In het prestigieuze ontvangstgebouw waar de ouders hun dochters – die vaak een gans jaar in het internaat verbleven – konden ontmoeten, wandelen we door de intussen al erg bekende wintertuin. Dit pareltje is een hoogtepunt van art nouveau en werd mogelijk ontworpen door Victor Horta. Zou de kelder die ons werd getipt een even unieke setting zijn?
Badkelder
Gids Jan verlaat de majestueuze Empiregang, draait een hoek om
en opent een achterdeurtje. We dalen een paar donkere trappen af en betreden een grotendeels betegelde ruimte. Dit is de fameuze badkelder, die bestaat uit een tiental afzonderlijke badkamertjes. “Eén keer per week mochten de meisjes een bad nemen”, vertelt Jan terwijl hij de deur van een van de kamertjes opent. Binnen pronkt een marmeren badkuip. “Ze zijn uit één stuk marmer gemaakt”, zegt Jan. “Elke kuip weegt meer dan een ton. Ik weet niet hoe ze tot in de kelder zijn geraakt. Zo’n bad moet een fortuin hebben gekost. Het is een luxe die doet denken aan die van Romeinse keizers. Je ziet Julius Caesar zo in zo’n kuip zitten (lacht).”
Stromend water
Niet alleen de keizerlijke badkuipen maken de badkelder zo bijzonder. “De nonnen hadden een volledig eigen systeem van warm en koud stromend water”, vertelt Jan. “Ze beschikten daarvoor over twee watertorens en pompen. De badkamers dateren van 1895, dat was toen heel uitzonderlijk. Want de Antwerpse watervoorzieningmaatschappij Pidpa is pas in 1913 opgericht en in 1920 met haar activiteiten begonnen. Toen namen de meisjes hier al 25 jaar een bad. Sommige boeren uit Onze-Lieve-Vrouw-Waver hebben tot de jaren vijftig moeten wachten op stromend water. Dit was dus echt voor de happy few.”

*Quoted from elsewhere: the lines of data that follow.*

Lemma pblock_merge x : x \in D ->
  pblock merged x = if pblock P x \in [set B1; B2] then B1 :|: B2 else pblock P x.
Proof.
rewrite -(cover_partition partP) => xP.
have tI := partition_trivIset partition_merge.
have xB := xP; rewrite -mem_pblock in xB.
case: ifP => [/set2P B | /negbT notB]; apply: (def_pblock tI).
- by rewrite !inE eqxx orbT.
- by rewrite inE; case: B => <-; rewrite xB ?orbT.
- by move: notB; rewrite !inE negb_or => /andP[-> ->]; rewrite pblock_mem.
- exact: xB.
Qed.

End MergeBlocks.

Lemma partition_set1 (T : finType) (P : {set {set T}}) (D : {set T}) :
  partition P D -> D \in P -> P = [set D].
Proof.
move=> partP PD; apply/setP => B; rewrite inE; apply/idP/eqP => [PB | ->] //.
have /set0Pn[x xB] := partition_neq0 partP PB.
have xD : x \in D by apply: (subsetP (partitionS partP PB)).
have tI := partition_trivIset partP.
by rewrite -(def_pblock tI PB xB) (def_pblock tI PD xD).
Qed.

Section Process.
Variable n : nat.

Lemma partition_singletons : partition (singletons n) [set: 'I_n].
Proof.
have set0_notin : set0 \notin singletons n.
  by apply/imsetP => -[x _ /setP/(_ x)]; rewrite !inE eqxx.
apply/and3P; split => //.
- rewrite cover_imset; apply/eqP/setP => x.
  by rewrite inE; apply/bigcupP; exists x; rewrite ?inE.
- apply: (trivIimset _ set0_notin).1 => x y _ _ yx.
  by rewrite disjoints1 inE eq_sym.
Qed.

Lemma foldr_merge_step_spec (l : seq (Pair n)) :
  let Q := foldr (@merge_step n) (singletons n) l in
  partition Q [set: 'I_n] /\ {in l, forall e, pblock Q (sval e).1 = pblock Q (sval e).2}.
Proof.
elim: l => [|e l /= [partP joinP]]; first by split => //; exact: partition_singletons.
rewrite /merge_step; set P := foldr _ _ _.
set i := (sval e).1; set j := (sval e).2.
case: eqP => [same_block | /eqP ij].
  by split => // e'; rewrite inE => /predU1P[-> | /joinP].
have covP x : x \in cover P by rewrite (cover_partition partP) inE.
have [PBi PBj] := (pblock_mem (covP i), pblock_mem (covP j)).
have merge x := pblock_merge partP PBi PBj ij (in_setT x).
split; first exact: partition_merge.
move=> e'; rewrite inE => /predU1P[-> | /joinP same]; rewrite !merge.
- by rewrite !inE !eqxx orbT.
- by rewrite same.
Qed.

Definition noncrossing (S : {set 'I_n}) : {set Pair n} :=
  [set p | ((sval p).1 \in S) == ((sval p).2 \in S)].

Lemma noncrossingC S : noncrossing (~: S) = noncrossing S.
Proof. by apply/setP => p; rewrite !inE; case: (_ \in S); case: (_ \in S). Qed.

Lemma exists_small_cut (x0 : 'I_n) (l : seq (Pair n)) :
  foldr (@merge_step n) (singletons n) l != [set [set: 'I_n]] ->
  exists2 S : {set 'I_n}, (0 < #|S|) && (2 * #|S| <= n) & {subset l <= noncrossing S}.
Proof.
have [partQ joinQ] := foldr_merge_step_spec l; set Q := foldr _ _ _ => Q_ne1.
have tI := partition_trivIset partQ.
have covQ x : x \in cover Q by rewrite (cover_partition partQ) inE.
set S := pblock Q x0.
have memS y : (y \in S) = (pblock Q y == S) by rewrite eq_sym eq_pblock.
have cutS : {subset l <= noncrossing S}.
  by move=> e /joinQ same; rewrite inE !memS same.
have S_gt0 : 0 < #|S| by apply/card_gt0P; exists x0; rewrite mem_pblock.
have S_ltn : #|S| < n.
  rewrite -[X in _ < X]card_ord -cardsT; apply/proper_card; rewrite properT.
  apply: contra Q_ne1 => /eqP ST; apply/eqP/partition_set1 => //.
  by rewrite -ST pblock_mem.
have [S_small | S_large] := leqP (2 * #|S|) n; first by exists S; rewrite ?S_gt0.
have cardSC : #|~: S| = n - #|S| by rewrite cardsCs setCK card_ord.
by exists (~: S); rewrite ?noncrossingC // cardSC; apply/andP; split; lia.
Qed.
End Process.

“We veronderstellen dat de baden er gekomen zijn op vraag van Zuid-Amerikaanse ouders. Daar was de badcultuur al meer ingeburgerd. En voor de zusters was de klant koning.”
De nonnen sprongen wel zuinig om met water. “Het baden gebeurde volgens een bekend stramien”, zegt Jan. “Het eerste meis- je mocht zich in proper water wassen, het tweede en het derde meisje moesten zich in hetzelfde water wassen. De week nadien werd de volgorde van het baden omgekeerd.”
“De nonnen namen hier geen bad. Zij hadden de belofte van armoede afgelegd en leefden veel soberder dan hun leerlingen.”
Chambrettezaal
We verlaten de kelder. Jan neemt ons mee naar de bovenste verdieping van de school. Weer passeren we onderweg rijkelijke zalen, met als hoogtepunt een lokaal dat afgeladen vol staat met opgezette dieren: van parkieten over apen tot zelfs krokodillen.
“De dieren zijn afkomstig van over de hele wereld”, vertelt Jan. “De zusters hadden missieposten in Afrika en Zuid-Amerika. De dieren werd opgestuurd of meegebracht door missiezusters. Naar het schijnt kan deze collectie moeiteloos de concurrentie aan met die van de KU Leuven, maar die heb ik nog niet gezien.”
In nog een andere ruimte worden de ‘koloniale stukken’ bewaard, maar omdat er zoveel wapens liggen – messen, speren... – is die niet toegankelijk voor bezoekers.
Uiteindelijk bereiken we de ruimte net onder het dak. Het is een voormalige slaapzaal van het internaat die vandaag gebruikt wordt als opslagruimte, en die daarom niet opengesteld wordt voor het publiek. Maar opnieuw vang je een glimp op van het vervlogen leven in dit rijkeluisinternaat. Prachtig bewerkte houten chambretten verdelen de ruimte in tientallen aparte slaapkamertjes. “In andere internaten werden de slaapruimtes gewoon met gordijnen afgezoomd. Ook dit getuigt weer van de extreme luxe die hier werd geboden”, zegt Jan.
“Al die luxe maakte wel dat het dorp met enige afgunst naar het internaat keek. En buiten het dorp kreeg Onze-Lieve-VrouwWaver hierdoor de bijnaam hovaardig Waver.”